- [WHAT TO PRODUCE]:
In the records below, find the line that contains "forall ds : seq" and the line that contains "Fixpoint setreals (ss". Set down exactly those lines and every line between them, and nothing more.

- [SUPPLIED MATERIAL]:
(* There is a function $q(k)\in\Theta(k^2)$ such that the following holds. Let $G$ be a graph, let $k$ be the number of robots of a CSMP instance on $G$, let $H_w$ be a strong $q(k)$-haven anchored at a vertex $w$, and let $\hat H_w$ be the graph obtained as the union of $H_w$ and three edges of $G$ incident to $w$. Let $S\subseteq\mathcal R$ be a set of robots located on vertices of $H_w$ in configuration $\iota$, and assume no robot outside $S$ is located on a vertex of $\hat H_w$. Then for every configuration $\iota'$ of $S$ with respect to $H_w$, there is a sequence of $O(k^6)$ sliding moves, each along a path of $\hat H_w$, that transforms $\iota$ into $\iota'$.
   Context: Robots and sliding moves: robots occupy pairwise distinct vertices of $G$; a sliding move moves one robot along a simple path of $G$ from its current vertex to another vertex such that no other robot is located on any vertex of that path, all other robots staying put. For a set $S$ of robots and a subgraph $H$ of $G$, a configuration of $S$ with respect to $H$ is an injection $\iota:S\to V(H)$ (the positions of the robots of $S$). The length of a path is its number of edges; for a path $P$ and vertices $u,v$ on it, the $P$-distance between $u$ and $v$ is the length of the subpath of $P$ between $u$ and $v$. Havens: for $q\in\mathbb N$, a vertex $w$ of degree at least three in $G$ lying on a path $P$ of length $q$ is a $q$-anchor, and $P$ is a $q$-haven anchored at $w$. $P$ is a $q$-haven for a vertex $v$ (anchored at $w$) if $v$ lies on $P$ and has $P$-distance at least $\lceil q/3\rceil$ and at most $\lfloor 2q/3\rfloor$ from $w$. $P$ is a strong $q$-haven anchored at $w$ if it is a $q$-haven anchored at $w$ for both endpoints of $P$. *)

(* Graphs: G is a finite simple graph given by a symmetric,
   irreflexive relation e on a finType V. *)
From mathcomp Require Import all_boot.
Set Implicit Arguments. Unset Strict Implicit. Unset Printing Implicit Defensive.

Definition deg (V : finType) (e : rel V) (v : V) : nat := #|[set u | e v u]|.

(* A simple path of the graph e, as the nonempty duplicate-free sequence of
   its vertices; its length is (size p).-1 (number of edges). *)
Definition is_spath (V : eqType) (e : rel V) (p : seq V) : bool :=
  if p is x :: s then path e x s && uniq p else false.

Definition Pdist (V : eqType) (P : seq V) (u v : V) : nat :=
  (index u P - index v P) + (index v P - index u P).

Definition haven_for (V : finType) (e : rel V) (q : nat) (P : seq V) (w v : V) : bool :=
  [&& is_spath e P, size P == q.+1, w \in P, 3 <= deg e w, v \in P,
      (q + 2) %/ 3 <= Pdist P v w & Pdist P v w <= (2 * q) %/ 3].

Definition strong_haven (V : finType) (e : rel V) (q : nat) (P : seq V) (w : V) : bool :=
  haven_for e q P w (head w P) && haven_for e q P w (last w P).
Definition valid_state (v : dstate) : Prop := forall h, chrono (sT v h).

Definition sproj (C : set chan) (v : dstate) : dstate :=
  State (sR v) (sN v) (fun h => tproj C (sT v h)).

Definition agree (S : set dvar) (v w : dstate) : Prop :=
  forall z, S z ->
    match z with
    | VR x => sR v x = sR w x
    | VN n => sN v n = sN w n
    | VT h => sT v h = sT w h
    end.

Definition agree_on (D : set chan) (S : set dvar) (v w : dstate) : Prop :=
  agree S (sproj D v) (sproj D w).

Definition dinterp := forall f : fsym, vals (fargs f) -> sval (fres f).

Fixpoint iterD k (ds : seq 'rV[R]_k) (g : 'rV[R]_k -> R) : 'rV[R]_k -> R :=
  match ds with
  | [::] => g
  | d :: ds' => fun x => derive (iterD ds' g) x d
  end.

Definition smooth k (g : 'rV[R]_k -> R) : Prop :=
  forall ds : seq 'rV[R]_k,
    continuous (iterD ds g) /\ (forall x d, derivable (iterD ds g) x d).

Fixpoint nreal (ss : seq tsort) : nat :=
  match ss with
  | [::] => 0%N
  | SR :: ss' => (nreal ss').+1
  | _ :: ss' => nreal ss'
  end.

(* replace the real arguments (numbered among the real positions) *)
Fixpoint setreals (ss : seq tsort) : vals ss -> (nat -> R) -> vals ss :=
  match ss return vals ss -> (nat -> R) -> vals ss with
  | [::] => fun a _ => a
  | s :: ss' =>
    match s return vals (s :: ss') -> (nat -> R) -> vals (s :: ss') with
    | SR => fun a r => (r 0%N, setreals a.2 (fun i => r i.+1))
    | SN => fun a r => (a.1, setreals a.2 r)
    | SC => fun a r => (a.1, setreals a.2 r)
    | ST => fun a r => (a.1, setreals a.2 r)
    end
  end.

Definition rv_fun k (x : 'rV[R]_k) : nat -> R :=
  fun i => oapp (fun j : 'I_k => x ord0 j) 0 (insub i).

Definition valid_interp (I : dinterp) : Prop :=
  (forall (f : fsym) (H : fres f = SR) (a : vals (fargs f)),
     smooth (fun x : 'rV[R]_(nreal (fargs f)) =>
               eq_rect _ sval (I f (setreals a (rv_fun x))) _ H)) /\
  (forall (f : fsym) (H : fres f = ST) (a : vals (fargs f)),
     chrono (eq_rect _ sval (I f a) _ H)).

Definition upd (r : rvar -> R) (x : rvar) (t : R) : rvar -> R :=
  fun y => if y == x then t else r y.

Fixpoint peval (r : rvar -> R) (p : dpoly) : R :=
  match p with
  | PVar x => r x
  | PConst q => ratr q
  | PAdd p q => peval r p + peval r q
  | PMul p q => peval r p * peval r q
  end.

- [RESULT]:
  forall ds : seq 'rV[R]_k,
    continuous (iterD ds g) /\ (forall x d, derivable (iterD ds g) x d).

Fixpoint nreal (ss : seq tsort) : nat :=
  match ss with
  | [::] => 0%N
  | SR :: ss' => (nreal ss').+1
  | _ :: ss' => nreal ss'
  end.

(* replace the real arguments (numbered among the real positions) *)
Fixpoint setreals (ss : seq tsort) : vals ss -> (nat -> R) -> vals ss :=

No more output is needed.